Brizendine (dalam Rahmawaty, 2013) menyatakan hormon testosteron dan
progesteron diduga mampu mempengaruhi peningkatan agresifitas sehingga laki-laki
cenderung stabil ketika beraktivitas, sedangkan hormon estrogen diduga mempengaruhi
psikis dan perasaan perempuan pada kondisi tertentu. Kondisi-kondisi tertentu ini akan
berpengaruh secara psikis terhadap perilaku perempuan dalam menyelesaikan
permasalahan yang dihadapi maupun dalam menghadapi situasi sosial tertentu.
Dari pernyataan diatas nampak bahwa sensation seeking sangat dipengaruhi oleh
keadaan biologis dari individu. Didukung Zuckerman (dalam Grisnawati, 2006)sensation
seeking berkaitan dengan kondisi biologi pada individu, dimana kondisi biologis
mendorong kebutuhan individu untuk memperoleh sensasi dan variasi dalam hidupnya.
Dasar biologis ini akan dihubungkan dengan kuatnya refleksi terhadap stimulus dan
menguatnya respon terhadap stimulus tersebut. Hal ini terjadi diiringi tingginya hormon
seks (testosteron, esterogen, dan esterodial) dan adanya enzim yang merangsang hadirnya
kemampuan arousal (kemampuan pada seseorang untuk menyelesaikan sebuah aktivitas)
(Grisnawati, 2006). Hal ini lah yang sering diduga menjadi salah satu penyebab mengapa
laki-laki cenderung lebih sensation seeking daripada wanita. Karena laki-laki dalam hal
biologis memiliki hormon seks (testosteron,esterogen, dan esterodial) yang membuat
sensation seeking meningkat.
Selain faktor biologis terdapat pula faktor lain yang dapat mempengaruhi tingkat
sensation seeking. Antara lain adalah modelling. Modelling dapat mempengaruhi tipe dan
tingkatan stimuli yang dicari oleh individu. Zuckerman 1994 (dalam Amanta, 2009)
menyatakan bahwa tipe kepribadian pencari sensasi didapat melalui sosialisasi.
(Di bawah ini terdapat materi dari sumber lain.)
Theorem mainTheorem3 (k : nat) (alpha : rat) (plus : bool)
  (w1 w2 : seq 'I_k) (x : 'I_k) (g : seq 'I_k) (t : nat -> 'I_k) :
  Upsilon k alpha plus ->
  Gamma alpha plus w1 w2 x g t ->
  L_inf alpha plus (cat_inf (w1 ++ w2 ++ [:: x]) t).
Proof.
move=> HU [HL [Ht [t_neq_x [g_prefix [occ1 cnt]]]]].
apply: L_inf_of_factors => m n beta pow; apply/negP => forb.
have sizeW : size (w1 ++ w2 ++ [:: x]) = (size w1 + size w2).+1.
  by rewrite !size_cat addnA addn1.
have [in_t|starts_in_W] := leqP (size (w1 ++ w2 ++ [:: x])) m.
  have := Ht (m - size (w1 ++ w2 ++ [:: x])) n _ beta (infix_refl _).
  by rewrite -inf_factor_cat_inf_drop // => /(_ pow); rewrite forb.
have [in_w1w2xg|straddles] := leqP (m + n) (size (w1 ++ w2 ++ [:: x]) + size g).
  have := inf_factor_cat_inf_infix g_prefix in_w1w2xg; rewrite -!catA /=.
  by move/HL/(_ pow); rewrite forb.
have [p [p_gt0 p_half per]] :=
  beta_power_inf_factor_periodic (Upsilon_forbidden_ge2 HU forb) pow.
apply: (straddling_period_absurd t_neq_x (inf_prefix_ext g_prefix)
          p_gt0 p_half per _ _ occ1 cnt).
  by rewrite sizeW in starts_in_W.
by rewrite size_cat addn1 addnS; rewrite sizeW in straddles.
Qed.
Lemma reflection_invariant_expectation :
  P (W @^-1` `[0, 1]) = 1%E -> ('E_P[W] = (1/2)%:E)%E.
Proof.
move=> W01; rewrite expectation_clamp01 //.
have := integral_clamp01_twice.
set I := (\int[P]_t (clamp01 (W t))%:E)%E => twoI.
have I_ge0 : (0 <= I)%E by apply: integral_ge0 => t _; rewrite lee_fin clamp01_ge0.
have Ifin : I \is a fin_num.
  by rewrite ge0_fin_numE // (@le_lt_trans _ _ 1%E) ?ltry // -twoI leeDl.
move: twoI; rewrite -(fineK Ifin) -EFinD => -[?].
by congr (_%:E); lra.
Qed.

End reflection_invariant_law.

Section density_on_unit_interval.
Context d (T : measurableType d) {R : realType} (P : probability T R).

Lemma has_pdf_support_subset (X : T -> R) S f B :
  measurable B -> S `<=` B -> has_pdf P X S f -> P (X @^-1` B) = 1%E.
Proof.
move=> mB SB hX; rewrite hX // (setIidr SB).
by rewrite -(probability_setT P) -(preimage_setT X) hX // setTI.
Qed.

Lemma has_pdf_reflection_invariant (W : T -> R) (f : R -> R) :
  measurable_fun (`]0, 1[ : set R) f -> (forall x, 0 < x < 1 -> 0 <= f x) ->
  (forall x, 0 < x < 1 -> f (1 - x) = f x) -> has_pdf P W `]0, 1[ f ->
  forall A, measurable A -> P (W @^-1` A) = P ((fun t => 1 - W t) @^-1` A).
Proof.
move=> mf f_ge0 f_reflect hW A mA.
have reflect_preimage B :
    (fun t => 1 - W t) @^-1` B = W @^-1` (affine 1 (-1) @^-1` B).
  by apply/seteqP; split => t; rewrite /affine /= mulN1r.
have mA' : measurable (affine 1 (-1) @^-1` A).
  by rewrite -[X in measurable X]setTI; exact: measurable_affine.
have mA01 : measurable (A `&` `]0, 1[) by exact: measurableI.
rewrite reflect_preimage !hW // (ge0_integral_affine 1 (-1)) //.
- rewrite normrN1 mul1e preimage_setI.
  have -> : affine 1 (-1) @^-1` `]0, 1[ = `]0, 1[%classic :> set R.
    by apply/seteqP; split => u /=; rewrite /affine !in_itv /=; lra.
  apply: eq_integral => u /set_mem [_ /=]; rewrite in_itv /= => u01.
  by rewrite /affine mulN1r f_reflect.
- apply/measurable_EFinP.
  exact: measurable_funS (measurable_itv _) (@subIsetr _ _ _) mf.
- by move=> x [_ /=]; rewrite in_itv /= lee_fin => /f_ge0.
Qed.

End density_on_unit_interval.

Section ULS_density.
Context {R : realType}.
Local Notation leb := (@lebesgue_measure R).
Variables (g : R -> R) (mu sigma rho : R).
Hypothesis g_density : density_generator g.
Hypothesis sigma_gt0 : 0 < sigma.
Hypothesis rho_bounds : -1 < rho < 1.

Definition ULS_quad (x y : R) : R :=
  (x ^+ 2 - 2 * rho * x * y + y ^+ 2) / (1 - rho ^+ 2).

Definition ULS_log (t : R) : R := ln (t / expR mu) / sigma.

Definition ULS_integrand (w t : R) : R :=
  t^-1 * g (ULS_quad (ULS_log (w / (1 - w) * t)) (ULS_log t)).

Definition ULS_normalizer (w : R) : R :=
  w * (1 - w) * sigma ^+ 2 * Num.sqrt (1 - rho ^+ 2) * Zg g.

Lemma ULS_pdfE w : ULS_pdf g mu sigma rho w =
  (ULS_normalizer w)^-1 * \int[leb]_(t in `]0, +oo[) ULS_integrand w t.
Proof. by []. Qed.

Lemma ULS_quadC x y : ULS_quad x y = ULS_quad y x.
Proof. by rewrite /ULS_quad; congr (_ / _); ring. Qed.

Lemma ULS_quad_ge0 x y : 0 <= ULS_quad x y.
Proof.
case/andP: rho_bounds => rho_gtN1 rho_lt1.
have -> : ULS_quad x y =
    ((x - rho * y) ^+ 2 + (1 - rho ^+ 2) * y ^+ 2) / (1 - rho ^+ 2).
  by rewrite /ULS_quad; congr (_ / _); ring.
have den_ge0 : 0 <= 1 - rho ^+ 2 by nra.
apply: divr_ge0 => //; apply: addr_ge0; first exact: sqr_ge0.
by apply: mulr_ge0 => //; exact: sqr_ge0.
Qed.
Hasil
pembelajaran sosial (social learning) merupakan faktor yang juga mempengaruhi dan
‘mengajarkan’ individu untuk menyukai sensasi dan perilaku mencari sensasi tertentu.
Faktor lingkungan dan pembelajaran sosial ini kemudian diprediksi sebagai 40% kemungkinan seseorang untuk terstimulus dalam memiliki trait sensation seeking dan
kebutuhan pencarian sensasi lainnya. Observasi dan imitasi pada orangtua, teman, dan
significant others memungkinkan seseorang untuk mempelajari perilaku yang cenderung
mencari sensasi, baik secara tinggi maupun rendah.